Inner and/vs. Outer Change

When I was new to AA, some of the 12 steps struck me as filler to make an even dozen. Being smarter than anyone else in the world, I could see that just 6 steps would’ve done the trick: 3, 5, 7, 9, 10 & 12. These steps all tell us to do something. The others deal with internal shifts that, it seemed to me, could be made instantaneously.

As usual, I was totally wrong.

The founders of Alcoholics Anonymous who, in 1938, created the 12 steps understood that spiritual change is no overnight matter, and that actions carried out with no internal change are meaningless. Rather, the steps are about collaborating with a higher power to gradually transform who we are, how we perceive our place in the world, and how we treat others. It’s a metamorphosis that lasts all our lives.
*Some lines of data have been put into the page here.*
(* The algebra $\mathcal{A}$ (under pointwise operations) of real-valued continuous functions on $[0,1]$ which are analytic on $(0,1)$ admits a set of free generators of cardinality $\mathfrak{c}$, i.e. there is $Z=\{z_\alpha:\alpha<\mathfrak{c}\}\subset\mathcal{A}$ such that for every polynomial $P$ with real coefficients and no constant term and distinct $z_{\alpha_1},\dots,z_{\alpha_n}\in Z$, $P(z_{\alpha_1},\dots,z_{\alpha_n})=0$ iff $P=0$.
   Context: $\mathfrak{c}$ is the cardinality of the continuum. *)

From HB Require Import structures.
From mathcomp Require Import all_boot all_order all_algebra.
From mathcomp Require Import mpoly.
From mathcomp Require Import all_classical all_reals all_analysis.
Set Implicit Arguments. Unset Strict Implicit. Unset Printing Implicit Defensive.
Import Order.TTheory GRing.Theory Num.Theory.
Import numFieldNormedType.Exports.
Local Open Scope classical_set_scope.
Local Open Scope ring_scope.

Definition analytic_at (R : realType) (f : R -> R) (x0 : R) : Prop :=
  exists (r : R) (a : nat -> R), 0 < r /\
    forall x : R, `|x - x0| < r ->
      ([series a k * (x - x0) ^+ k]_k) @ \oo --> f x.

(* The algebra A: continuous on [0,1], analytic on (0,1).  Functions are
   represented as maps R -> R; only their values on [0,1] matter. *)
Definition in_A (R : realType) (f : R -> R) : Prop :=
  {within `[(0:R), 1], continuous f} /\
  (forall x : R, 0 < x < 1 -> analytic_at f x).

Definition A_eq (R : realType) (f g : R -> R) : Prop :=
  forall x : R, 0 <= x <= 1 -> f x = g x.

Definition mpoly_eval_fun (R : realType) (n : nat)
  (P : {mpoly R[n]}) (z : 'I_n -> R -> R) : R -> R :=
  fun x => meval (fun i => z i x) P.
For example, Step 9 involves action: we make amends to those we have harmed, but without an internal Step 8, we can inadvertently inflict more harm. Someone recently asked me to look over a draft of a 9th step amends letter that — I found — was actually a more-about-me letter. It opened, not with well wishes for the recipient or acknowledgement that hearing from one who hurt them years ago might come as a surprise, but what was up with the writer: “I’ve been thinking about….” After a quick note that “I am not proud of the way I…,” the writer summarized what she was doing to heal herself. The next paragraph explained the family of origin stuff from which she needed to heal. In closing, she urged the recipient to celebrate family events together with her for the sake of their adult children.

Now for you reading this, it’s probably not rocket science to see that the letter was self-centered. The goal of the 9th step is to repair harms we did to others. The first part of doing so is to speak the truth about what happened. But what if we still can’t see the truth because we’re still trapped in our self-centered view of the world?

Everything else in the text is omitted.